Among the important design criteria in such testing, he said, is to evaluate a material’s reliability vs. safety factors.
Chao said that test-to-success on an actual device “provides clear evidence” of product performance, while, for instance, test-to-fracture “provides valuable information on failure reads.”
He added that the life-analysis testing approach “provides a statistical basis for fatigue life predictions,” while stress-analysis testing “mimics product service conditions.”
Proper testing design, including a fatigue/life parameter, “allows a good prediction of device performance,” a prediction that Chao said allows a clear “Go!” or “No!” message in evaluating whether a proposed design iteration should move forward.

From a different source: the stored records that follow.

Lemma threshold_mean_mono1 a b a' b' i0 :
  ordered_thresholds a b -> ordered_thresholds a' b' ->
  (forall i, i != i0 -> a' i = a i /\ b' i = b i) -> a i0 <= a' i0 -> b i0 <= b' i0 ->
  threshold_mean a b <= threshold_mean a' b'.
Proof.
move=> ab ab' same aa' bb'.
rewrite (threshold_mean_fibers a b i0) (threshold_mean_fibers a' b' i0).
apply: ler_sum => rg _.
pose C := \prod_(i | i != i0) interval_weight (a i) (b i) (rg i).
pose G x y := F (fun i => if i == i0 then x else below_lo rg i)
                (fun i => if i == i0 then y else below_hi a b rg i).
have fiberE (c d : I -> R) : (forall i, i != i0 -> c i = a i /\ d i = b i) ->
  \sum_(r < 3) (\prod_i interval_weight (c i) (d i) (ffun_set rg i0 r i)) *
     F (below_lo (ffun_set rg i0 r)) (below_hi c d (ffun_set rg i0 r)) =
  C * \sum_(r < 3) interval_weight (c i0) (d i0) r *
     G (val r == 0%N) ((val r == 0%N) || (val r == 1%N) && (c i0 < d i0)).
  move=> same_cd; rewrite mulr_sumr; apply: eq_bigr => r _.
  rewrite (bigD1 i0) //= /ffun_set ffunE eqxx mulrCA -mulrA; congr (_ * (_ * _)).
    by apply: eq_bigr => i /[dup] /same_cd[-> ->] /negPf ne; rewrite ffunE ne.
  apply: F_ext => i; rewrite /below_lo /below_hi ffunE;
    have [e|ne] := eqVneq i i0; rewrite ?e //.
  by case: (same_cd i ne) => -> ->.
rewrite !fiberE //; apply: ler_wpM2l.
  by apply: prodr_ge0 => i _; case: (ab i) => *; apply: interval_weight_ge0.
have [a0 ab0 b1] := ab i0; have [_ ab0' _] := ab' i0.
by apply: mean3_mono => //; apply: F_mono => i //; case: ifP.
Qed.

Lemma threshold_mean_mono a b a' b' :
  ordered_thresholds a b -> ordered_thresholds a' b' ->
  (forall i, a i <= a' i) -> (forall i, b i <= b' i) ->
  threshold_mean a b <= threshold_mean a' b'.
Proof.
move=> ab ab' aa' bb'.
pose mix (s : seq I) (c c' : I -> R) i := if i \in s then c' i else c i.
have mix_ordered s : ordered_thresholds (mix s a a') (mix s b b').
  by move=> i; rewrite /mix; case: ifP.
suff mix_mono s : threshold_mean a b <= threshold_mean (mix s a a') (mix s b b').
  rewrite -(eq_threshold_mean (a := mix (enum I) a a') (b := mix (enum I) b b')
    (a' := a') (b' := b')) ?mix_mono // => i; by rewrite /mix mem_enum.
elim: s => [|i s IH]; first by rewrite -(eq_threshold_mean (a := a) (b := b)).
apply: le_trans IH (threshold_mean_mono1 (i0 := i) _ _ _ _ _) => //.
- by move=> j /negPf ne; rewrite /mix in_cons ne.
- by rewrite /mix in_cons eqxx /=; case: ifP.
- by rewrite /mix in_cons eqxx /=; case: ifP.
Qed.
End ThresholdMean.

Section Expectation.
Variables (R : realFieldType) (V : finType) (E : rel V) (p : V -> V -> R) (SA SB : {set V}).

Definition edge_weight (L : {ffun V * V -> bool}) : R :=
  \prod_(e : V * V)
    (if E e.1 e.2 then (if L e then p e.1 e.2 else 1 - p e.1 e.2)
     else (if L e then 0 else 1)).

Definition choice_weight : R := (\prod_(v : V) ((#|V|`!)%:R)^-1) * (\prod_(v : V) 2^-1).

Definition gap_lo (Q : GAP R) (i : V * bool) := Q i.2 false.
Definition gap_hi (Q : GAP R) (i : V * bool) := Q i.2 true.

Definition adopters_A (L : {ffun V * V -> bool}) (x y : V * bool -> bool) : R :=
  #|lfp_adopt (live_edge E (fun e => L e)) (fun v X => x (v, X)) (fun v X => y (v, X))
     SA SB true|%:R.

Lemma adopters_A_mono L (x y x' y' : V * bool -> bool) :
  (forall i, x i -> x' i) -> (forall i, y i -> y' i) -> adopters_A L x y <= adopters_A L x' y'.
Proof.
move=> xx' yy'; rewrite ler_nat; apply/subset_leq_card/lfp_adopt_mono => v Y.
- exact: xx'.
- exact: yy'.
Qed.

Lemma final_A_lfp (Q : GAP R) L Rg Pi Tau : (forall X, Q X false <= Q X true) ->
  [set v | is_adopted (nst (final E Q SA SB (L, Rg, Pi, Tau) v) itemA)] =
  lfp_adopt (live_edge E (fun e => L e)) (fun v X => below_lo Rg (v, X))
    (fun v X => below_hi (gap_lo Q) (gap_hi Q) Rg (v, X)) SA SB true.
Proof.
move=> Qplus_ge; transitivity (final_adopters E (fun e => L e) (fun v => Pi v) Q
  (fun v X => Rg (v, X)) SA SB (fun v => Tau v) itemA); first by [].
rewrite -lfp_adopt_final //; apply: eq_lfp_adopt => v X //.
by rewrite /alone /accept_alone alpha_le_alone.
Qed.

Lemma sum_omega (T : nmodType) (f : omega V -> T) :
  \sum_(w : omega V) f w =
  \sum_L \sum_Rg \sum_Pi \sum_Tau f (L, Rg, Pi, Tau).
Proof. by rewrite !pair_big /=; apply: eq_bigr => -[[[L Rg] Pi] Tau]. Qed.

He said a well-developed test-for-success on an actual device “is a useful confirmation to life-analysis testing.”
Jeremy Schaffer, of Fort Wayne Metals Research Products (Fort Wayne, Indiana), in a presentation on fatigue life in medical-grade wire, said that the fine 35Co-35Ni-20Cr-10Mo wire’s roots go back to 1965, when it was developed as an aerospace fastener alloy.
“It began being used in medical devices in the 1970s and 1980s,” he said, adding that the alloy was prized for “its resistance to corrosive attack and fatigue.”
In 2003, a “clean melt” version was introduced, so that the wire then could be developed for cardiac rhythm management (CRM) lead wires, coils and sensing elements.
Addressing the central question of the morning session, Schaffer asked, “Do they fail?” and answered his rhetorical query: “Eventually, yes.”
He used a quote from a medical-device executive to establish that a lead’s longevity cannot be predicted.
Schaffer cited the importance of the physical location of a lead as being important to the variability of its life. “These are very small products,” he said, “most being less than 1 mm in diameter.”
The small size of such specimens adds to the difficulties of failure analysis, he said. “They generate microscopically small crack effects.”
Testing brings evidence of “lots of characteristics, but fatigue failure is the one that stands out,” Schaffer said.
He cited a number of important considerations in such testing; among them:
• Development of a hierarchical model.
• Verification of the model results.
• Providing a statistical comparison.
• Making “dislocation pileup” assumptions.
• Assuring the validity of an upstream survey.
• Testing total fatigue life.
Turning to drug-eluting stents (DES), a hot topic in materials circles as well as in industry and clinical circles these days, Dr. James Conti, executive VP of Dynatek Dalta Scientific Instruments (Galena, Missouri), discussed methods for evaluating the shedding of particulates by DES.
“There’s a big problem with particulates” from DES devices, Conti said. With those and other particulates, as from orthopedic implants, “size matters,” adding that smaller particles, in particular, “are more toxic.”
The particulate problem is pretty pervasive, Conti said. “If you’re dealing with a medical product, you’ll be dealing with particulates.”
He said bifurcated products, a commonplace approach in the realm of stenting, “tend to break.” So, in the set-up stage, “you need to know that your product is physiologically compliant and that sanitation issues are addressed.”
For testing, “you have to set target values and have data-collection methods clearly identified.”
Conti said intermittent testing is better than one-time testing, which tends to get short shrift from the FDA.
“That allows you to be more stent-specific,” he said.
But most useful of all, in his view, is real-time data collection, which his firm does. “It’s the best method,” Conti said. “You can tell which stent the data is coming from, which better allows you to interpret the shower of particles.”